» **Brief**
Pull every line holding the string "mcoeffZ" from the records below.

» **Supplied records**
(* Let $c\in\mathbb{C}^n$, let $\rho(z)=z+c$ be the corresponding translation of $\mathbb{C}^{n}$, let $d\geq 1$ be an integer, and let $V\subseteq\mathcal{O}_{d}(\mathbb{C}^{n})$ be a complex linear subspace such that $g\circ\rho=g$ for every $g\in V$. If \[ \dim V \geq \dim\mathcal{O}_{d}(\mathbb{C}^{n})-\binom{n+d-1}{d-1}+1, \] then $c=0$.
   Context: $\mathcal{O}_d(\mathbb{C}^n)$ denotes the space of holomorphic functions $f$ on $\mathbb{C}^n$ with $|f(z)|\leq C(1+|z|)^d$ for some constant $C$; equivalently, the space of polynomials on $\mathbb{C}^n$ of degree at most $d$, which has dimension $\binom{n+d}{d}$. *)

From HB Require Import structures.
From mathcomp Require Import all_boot all_order all_algebra.
From mathcomp Require Import Rstruct.
From mathcomp.real_closed Require Import complex.
From mathcomp.multinomials Require Import mpoly.
Set Implicit Arguments. Unset Strict Implicit. Unset Printing Implicit Defensive.
Import GRing.Theory Num.Theory.
Local Open Scope ring_scope.

Definition CC : Type := (Rdefinitions.R)[i].

(* O_d(C^n): polynomials on C^n of (total) degree at most d.
   msize p = 1 + total degree of p (and 0 for p = 0). *)
Definition Od (n d : nat) (p : {mpoly CC[n]}) : Prop := (msize p <= d.+1)%N.

Definition is_subspace (n : nat) (V : {mpoly CC[n]} -> Prop) : Prop :=
  V 0 /\ forall (a : CC) (u v : {mpoly CC[n]}), V u -> V v -> V (a *: u + v).

Definition lin_indep (n k : nat) (g : 'I_k -> {mpoly CC[n]}) : Prop :=
  forall a : 'I_k -> CC, \sum_(i < k) a i *: g i = 0 -> forall i, a i = 0.

Definition dim_ge (n : nat) (V : {mpoly CC[n]} -> Prop) (k : nat) : Prop :=
  exists g : 'I_k -> {mpoly CC[n]}, (forall i, V (g i)) /\ lin_indep g.

Definition transl (n : nat) (c : 'I_n -> CC) (z : 'I_n -> CC) : 'I_n -> CC :=
  fun i => z i + c i.

Definition transl_invariant (n : nat) (c : 'I_n -> CC) (g : {mpoly CC[n]}) : Prop :=
  forall z : 'I_n -> CC, g.@[transl c z] = g.@[z].

(* If c_i <> 0, a polynomial g with g o rho = g is constant along every line
   z + t c (a polynomial in t taking the same value at every t in N), so g is
   determined by its restriction to the hyperplane z_i = 0: a nonzero invariant
   polynomial has a nonzero coefficient on some monomial free of X_i.  There are
   only C(n-1+d, d) such monomials of degree <= d, while
   dim V >= C(n+d, d) - C(n+d-1, d-1) + 1 = C(n-1+d, d) + 1, so some nontrivial
   combination of independent elements of V kills all these coefficients, hence
   vanishes, contradicting independence. *)

From HB Require Import structures.
From mathcomp Require Import all_boot all_order all_algebra.
From mathcomp Require Import Rstruct.
From mathcomp.real_closed Require Import complex.
From mathcomp.multinomials Require Import mpoly.
Import GRing.Theory Num.Theory.
Set Implicit Arguments.
Unset Strict Implicit.
Unset Printing Implicit Defensive.
Local Open Scope ring_scope.

Section PolynomialFunctions.
Variable R : numDomainType.

Lemma poly_eq0_roots_natr (p : {poly R}) : (forall k : nat, p.[k%:R] = 0) -> p = 0.
Proof.
move=> p_natr0; apply: (@roots_geq_poly_eq0 _ p [seq k%:R | k <- iota 0 (size p)]).
- by apply/allP => _ /mapP[k _ ->]; apply/rootP.
- by rewrite map_inj_uniq ?iota_uniq // => k l /eqP; rewrite eqr_nat => /eqP.
- by rewrite size_map size_iota.
Qed.

Lemma sum_powers_eq0 (I : Type) (s : seq I) (b : I -> R) (deg : I -> nat) :
    (forall x : R, \sum_(i <- s) b i * x ^+ deg i = 0) ->
  forall e, \sum_(i <- s | deg i == e) b i = 0.
Proof.
move=> s0 e; pose p : {poly R} := \sum_(i <- s) b i *: 'X^(deg i).
have /polyP/(_ e) : p = 0.
  apply: poly_eq0_roots_natr => k; rewrite -(s0 k%:R) horner_sum.
  by apply: eq_bigr => i _; rewrite hornerZ hornerXn.
rewrite coef0 /p coef_sum => pe0; rewrite -[RHS]pe0 big_mkcond /=.
apply: eq_bigr => i _.
by rewrite coefZ coefXn eq_sym; case: eqP; rewrite ?mulr1 ?mulr0.
Qed.

Lemma mnm_sum_eval_eq0 n k (s : seq 'X_{1..n}) (a : 'X_{1..n} -> R) :
    (k <= n)%N -> uniq s ->
    (forall m m', m \in s -> m' \in s ->
       forall i : 'I_n, (k <= i)%N -> m i = m' i) ->
    (forall v : 'I_n -> R,
       \sum_(m <- s) a m * \prod_(i < n | (i < k)%N) v i ^+ m i = 0) ->
  {in s, forall m, a m = 0}.
Proof.
(* The inductive step splits s by the exponent of variable k, which it reads off
   as the degree in v k of a univariate polynomial. *)
elim: k s => [|k IHk] s kn s_uniq s_agree s0 m ms.
  rewrite -[RHS](s0 (fun=> 0)) (bigD1_seq m) //= big_pred0 // mulr1.
  rewrite big_seq_cond big1 ?addr0 // => m' /andP[m's /eqP[]].
  by apply/mnmP => i; apply: s_agree.
pose ko : 'I_n := Ordinal kn.
pose se := [seq m' <- s | (m' : 'X_{1..n}) ko == m ko].
have mse : m \in se by rewrite mem_filter eqxx.
apply: (IHk se (ltnW kn) (filter_uniq _ s_uniq) _ _ m mse).
  move=> m1 m2; rewrite !mem_filter => /andP[/eqP e1 m1s] /andP[/eqP e2 m2s] i.
  rewrite leq_eqVlt => /orP[/eqP ki|]; last exact: s_agree.
  have -> : i = ko by apply: val_inj; rewrite /= ki.
  by rewrite e1 e2.
move=> v; rewrite big_filter.
pose b m' := a m' * \prod_(i < n | (i < k)%N) v i ^+ m' i.
apply: (@sum_powers_eq0 _ s b (fun m' : 'X_{1..n} => m' ko)) => x.
rewrite -[RHS](s0 (fun i => if i == ko then x else v i)); apply: eq_bigr => m' _.
rewrite /b -mulrA [in RHS](bigD1 ko) //= eqxx; congr (_ * _).
rewrite mulrC; congr (_ * _).
apply: eq_big => [i|i ik]; first by rewrite ltn_neqAle ltnS andbC -val_eqE.
by rewrite ifN // -val_eqE /= neq_ltn ik.
Qed.

Lemma mpoly_eval_eq0 n (p : {mpoly R[n]}) : (forall v, p.@[v] = 0) -> p = 0.
Proof.
move=> p0; apply/mpolyP => m; rewrite mcoeff0.
have [ms|] := boolP (m \in msupp p); last exact: memN_msupp_eq0.
apply: (@mnm_sum_eval_eq0 n n _ (fun m => p@_m) (leqnn n) (msupp_uniq p) _ _ m ms).
  by move=> m1 m2 _ _ i; rewrite leqNgt ltn_ord.
move=> v; rewrite -[RHS](p0 v) mevalE; apply: eq_bigr => m' _.
by congr (_ * _); apply: eq_bigl => i; rewrite ltn_ord.
Qed.

End PolynomialFunctions.

Section TranslationInvariance.
Variables (R : numFieldType) (n : nat) (c : 'I_n -> R) (g : {mpoly R[n]}).
Hypothesis g_inv : forall z, g.@[fun i => z i + c i] = g.@[z].

Lemma meval_line_invariant z t : g.@[fun i => z i + t * c i] = g.@[z].
Proof.
pose p : {poly R} :=
  \sum_(m <- msupp g) g@_m *: \prod_(i < n) ((z i)%:P + c i *: 'X) ^+ m i.
have p_eval u : p.[u] = g.@[fun i => z i + u * c i].
  rewrite mevalE horner_sum; apply: eq_bigr => m _.
  rewrite hornerZ horner_prod; congr (_ * _); apply: eq_bigr => i _.
  by rewrite horner_exp hornerD hornerC hornerZ hornerX mulrC.
have g_natr (k : nat) : g.@[fun i => z i + k%:R * c i] = g.@[z].
  elim: k => [|k IHk]; first by apply: meval_eq => i; rewrite mul0r addr0.
  rewrite -[RHS]IHk -[RHS]g_inv; apply: meval_eq => i.
  by rewrite mulrSr mulrDl mul1r addrA.
have /eqP : p - (g.@[z])%:P = 0.
  apply: poly_eq0_roots_natr => k.
  by rewrite hornerD hornerN hornerC p_eval g_natr subrr.
by rewrite subr_eq0 => /eqP p_const; rewrite -p_eval p_const hornerC.
Qed.

Lemma translation_invariant_eq0 (j : 'I_n) : c j != 0 ->
  (forall m : 'X_{1..n}, m j = 0%N -> g@_m = 0) -> g = 0.
Proof.
move=> cj0 g_coef; apply: mpoly_eval_eq0 => z.
rewrite -(meval_line_invariant z (- z j / c j)) mevalE big1 // => m _.
have [/g_coef -> | mj0] := eqVneq (m j) 0%N; first by rewrite mul0r.
by rewrite (bigD1 j) //= divfK // subrr expr0n (negbTE mj0) mul0r mulr0.
Qed.

End TranslationInvariance.

Lemma homogeneous_system_nontrivial (R : fieldType) (I : finType) (A : {set I}) k
    (f : 'I_k -> I -> R) : (#|A| < k)%N ->
  exists2 a : 'I_k -> R, exists r, a r != 0 &
    forall j, j \in A -> \sum_r a r * f r j = 0.
Proof.
move=> A_lt_k; pose M : 'M[R]_(k, #|A|) := \matrix_(r, l) f r (enum_val l).
have : kermx M != 0.
  rewrite kermx_eq0; apply: contraTN A_lt_k => /eqP M_free.
  by rewrite -leqNgt -M_free rank_leq_col.
case/rowV0Pn => v /sub_kermxP vM0 v_nz.
exists (fun r => v 0 r).
  apply/existsP; apply: contraNT v_nz => /existsPn v0.
  by apply/eqP/rowP => r; rewrite mxE; apply/eqP/negPn.
move=> j jA; have := congr1 (fun N : 'M_(1, #|A|) => N 0 (enum_rank_in jA j)) vM0.
rewrite !mxE => vMj; rewrite -[RHS]vMj; apply: eq_bigr => r _.
by rewrite mxE enum_rankK_in.
Qed.

Definition mnm_ins0 n b (i : 'I_n.+1) (t : n.-tuple 'I_b) : 'X_{1..n.+1} :=
  [multinom if unlift i k is Some l then val (tnth t l) else 0%N | k < n.+1].

Lemma mnm_ins0_onto n d (i : 'I_n.+1) (m : 'X_{1..n.+1}) :
    m i = 0%N -> (mdeg m <= d)%N ->
  exists2 t, t \in [set t : n.-tuple 'I_d.+1 | (\sum_(x <- t) x <= d)%N] &
    mnm_ins0 i t = m.
Proof.
move=> mi0 m_le_d; pose t := [tuple (inord (m (lift i l)) : 'I_d.+1) | l < n].
have t_val l : val (tnth t l) = m (lift i l).
  rewrite tnth_mktuple /= inordK // ltnS (leq_trans _ m_le_d) // mdegE.
  by rewrite (bigD1 (lift i l)) //= leq_addr.
exists t.
  rewrite inE big_tuple; under eq_bigr => l _ do rewrite t_val.
  by rewrite (leq_trans _ m_le_d) // mdegE (bigD1_ord i) //= mi0.
apply/mnmP => k; rewrite mnmE; case: unliftP => [l ->|->]; last by rewrite mi0.
by rewrite t_val.
Qed.

Lemma exists_comb_coef0_without_var (R : fieldType) n d k
    (g : 'I_k -> {mpoly R[n.+1]}) (i : 'I_n.+1) :
    (forall r, msize (g r) <= d.+1)%N -> ('C(n + d, n) < k)%N ->
  exists2 a : 'I_k -> R, exists r, a r != 0 &
    forall m : 'X_{1..n.+1}, m i = 0%N -> (\sum_r a r *: g r)@_m = 0.
Proof.
move=> g_size k_big; pose T := [set t : n.-tuple 'I_d.+1 | (\sum_(x <- t) x <= d)%N].
have [|a a_nz a_sol] :=
  homogeneous_system_nontrivial (A := T) (fun r t => (g r)@_(mnm_ins0 i t)).
  by rewrite card_partial_ord_partitions.
exists a => // m mi0; rewrite raddf_sum /=.
have [m_le_d|m_gt_d] := leqP (mdeg m) d.
  have [t tT <-] := mnm_ins0_onto mi0 m_le_d.
  by rewrite -[RHS](a_sol t tT); apply: eq_bigr => r _; rewrite mcoeffZ.
apply: big1 => r _; rewrite mcoeffZ memN_msupp_eq0 ?mulr0 //.
by apply: msize_mdeg_ge; rewrite (leq_trans (g_size r)).
Qed.

Lemma bin_Pascal_subn n d : (0 < d)%N ->
  ('C(n.+1 + d, d) - 'C(n.+1 + d - 1, d - 1))%N = 'C(n + d, n).
Proof.
case: d => // d _; rewrite addSn binS subn1 /= subn1 /= addnK.
by rewrite -bin_sub ?leq_addl // addnK.
Qed.

Theorem lemma4p2 (n : nat) (c : 'I_n -> CC) (d : nat) (V : {mpoly CC[n]} -> Prop) :
  (1 <= d)%N ->
  is_subspace V ->
  (forall g, V g -> Od d g) ->
  (forall g, V g -> transl_invariant c g) ->
  dim_ge V ('C(n + d, d) - 'C(n + d - 1, d - 1) + 1)%N ->
  forall i, c i = 0.
Proof.
move=> d_gt0 _ V_deg V_inv [g [Vg g_indep]].
case: n c V V_deg V_inv g Vg g_indep => [|n] c V V_deg V_inv g Vg g_indep i.
  by case: i.
apply/eqP; apply: contraT => ci_nz.
rewrite bin_Pascal_subn // addn1 in g Vg g_indep.
have [a [r ar_nz] comb_coef0] :=
  exists_comb_coef0_without_var i (fun r => V_deg _ (Vg r)) (ltnSn _).
have comb_inv : transl_invariant c (\sum_r a r *: g r).
  move=> z; rewrite !raddf_sum; apply: eq_bigr => r' _.
  by rewrite /= !mevalZ V_inv.
have comb0 := translation_invariant_eq0 comb_inv ci_nz comb_coef0.
by rewrite (g_indep a comb0 r) eqxx in ar_nz.
Qed.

» **Written answer**
  by rewrite -[RHS](a_sol t tT); apply: eq_bigr => r _; rewrite mcoeffZ.
apply: big1 => r _; rewrite mcoeffZ memN_msupp_eq0 ?mulr0 //.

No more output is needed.